= Beginning of Section =

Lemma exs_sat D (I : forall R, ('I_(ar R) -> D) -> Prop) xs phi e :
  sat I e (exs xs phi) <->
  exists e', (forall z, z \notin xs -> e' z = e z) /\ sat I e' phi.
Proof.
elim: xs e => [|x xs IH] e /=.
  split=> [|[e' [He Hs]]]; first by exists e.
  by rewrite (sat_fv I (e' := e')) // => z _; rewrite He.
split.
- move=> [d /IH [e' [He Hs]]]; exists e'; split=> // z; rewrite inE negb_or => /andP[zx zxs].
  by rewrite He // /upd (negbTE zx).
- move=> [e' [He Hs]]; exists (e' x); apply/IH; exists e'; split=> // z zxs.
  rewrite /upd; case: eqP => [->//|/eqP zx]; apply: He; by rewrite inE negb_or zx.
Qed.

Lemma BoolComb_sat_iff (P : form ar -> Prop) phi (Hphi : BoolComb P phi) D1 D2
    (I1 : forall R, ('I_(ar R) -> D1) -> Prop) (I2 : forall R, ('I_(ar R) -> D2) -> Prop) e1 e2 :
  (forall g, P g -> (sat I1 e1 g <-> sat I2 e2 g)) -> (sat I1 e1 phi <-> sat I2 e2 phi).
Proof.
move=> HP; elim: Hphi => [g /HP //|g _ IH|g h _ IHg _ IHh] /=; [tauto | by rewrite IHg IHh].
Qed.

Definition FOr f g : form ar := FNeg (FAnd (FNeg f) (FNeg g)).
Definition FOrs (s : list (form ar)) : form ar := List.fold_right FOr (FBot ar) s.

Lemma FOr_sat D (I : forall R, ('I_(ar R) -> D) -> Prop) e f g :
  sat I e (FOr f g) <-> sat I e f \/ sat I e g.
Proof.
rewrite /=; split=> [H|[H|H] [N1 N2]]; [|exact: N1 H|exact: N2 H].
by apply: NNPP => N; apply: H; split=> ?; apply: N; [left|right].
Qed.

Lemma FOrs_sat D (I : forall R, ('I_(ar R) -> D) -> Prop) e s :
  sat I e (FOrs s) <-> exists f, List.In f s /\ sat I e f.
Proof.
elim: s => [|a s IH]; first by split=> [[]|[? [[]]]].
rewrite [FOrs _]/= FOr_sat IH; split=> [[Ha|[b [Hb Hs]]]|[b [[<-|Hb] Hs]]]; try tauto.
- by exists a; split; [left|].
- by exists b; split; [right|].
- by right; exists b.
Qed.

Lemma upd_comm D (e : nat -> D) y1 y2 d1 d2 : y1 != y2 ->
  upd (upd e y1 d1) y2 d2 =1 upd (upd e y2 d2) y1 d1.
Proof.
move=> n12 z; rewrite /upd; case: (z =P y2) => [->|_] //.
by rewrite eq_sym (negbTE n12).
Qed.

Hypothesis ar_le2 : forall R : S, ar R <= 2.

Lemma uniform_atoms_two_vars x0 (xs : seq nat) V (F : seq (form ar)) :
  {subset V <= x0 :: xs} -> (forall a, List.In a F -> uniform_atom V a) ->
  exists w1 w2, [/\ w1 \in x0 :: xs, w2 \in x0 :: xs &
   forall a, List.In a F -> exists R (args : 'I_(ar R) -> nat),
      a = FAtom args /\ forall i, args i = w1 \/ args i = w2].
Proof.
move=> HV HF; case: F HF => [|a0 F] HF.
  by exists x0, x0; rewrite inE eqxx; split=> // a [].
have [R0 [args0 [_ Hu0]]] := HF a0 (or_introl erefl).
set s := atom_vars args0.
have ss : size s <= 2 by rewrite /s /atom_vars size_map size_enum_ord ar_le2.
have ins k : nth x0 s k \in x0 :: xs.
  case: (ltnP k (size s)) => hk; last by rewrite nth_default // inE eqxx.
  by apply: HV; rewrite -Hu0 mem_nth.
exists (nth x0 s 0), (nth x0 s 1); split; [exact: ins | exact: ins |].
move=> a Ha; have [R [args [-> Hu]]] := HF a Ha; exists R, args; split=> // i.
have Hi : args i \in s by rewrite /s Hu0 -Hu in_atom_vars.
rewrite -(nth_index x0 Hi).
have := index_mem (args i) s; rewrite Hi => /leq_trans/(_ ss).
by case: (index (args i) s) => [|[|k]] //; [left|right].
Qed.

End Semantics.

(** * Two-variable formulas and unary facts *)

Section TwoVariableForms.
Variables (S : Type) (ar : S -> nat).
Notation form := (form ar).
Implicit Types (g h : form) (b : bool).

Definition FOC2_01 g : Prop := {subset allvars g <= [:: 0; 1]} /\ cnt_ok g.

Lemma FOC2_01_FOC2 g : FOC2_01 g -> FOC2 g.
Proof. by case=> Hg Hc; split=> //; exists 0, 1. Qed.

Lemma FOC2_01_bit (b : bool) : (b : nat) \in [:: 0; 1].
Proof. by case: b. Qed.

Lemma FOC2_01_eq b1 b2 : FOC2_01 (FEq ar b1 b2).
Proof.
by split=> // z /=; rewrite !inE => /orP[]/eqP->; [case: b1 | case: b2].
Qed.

= End of Section =

• [EXERCISE AIM]: Pull every line with the string "size" out of the material.

• [TASK SOLUTION]:
have ss : size s <= 2 by rewrite /s /atom_vars size_map size_enum_ord ar_le2.
  case: (ltnP k (size s)) => hk; last by rewrite nth_default // inE eqxx.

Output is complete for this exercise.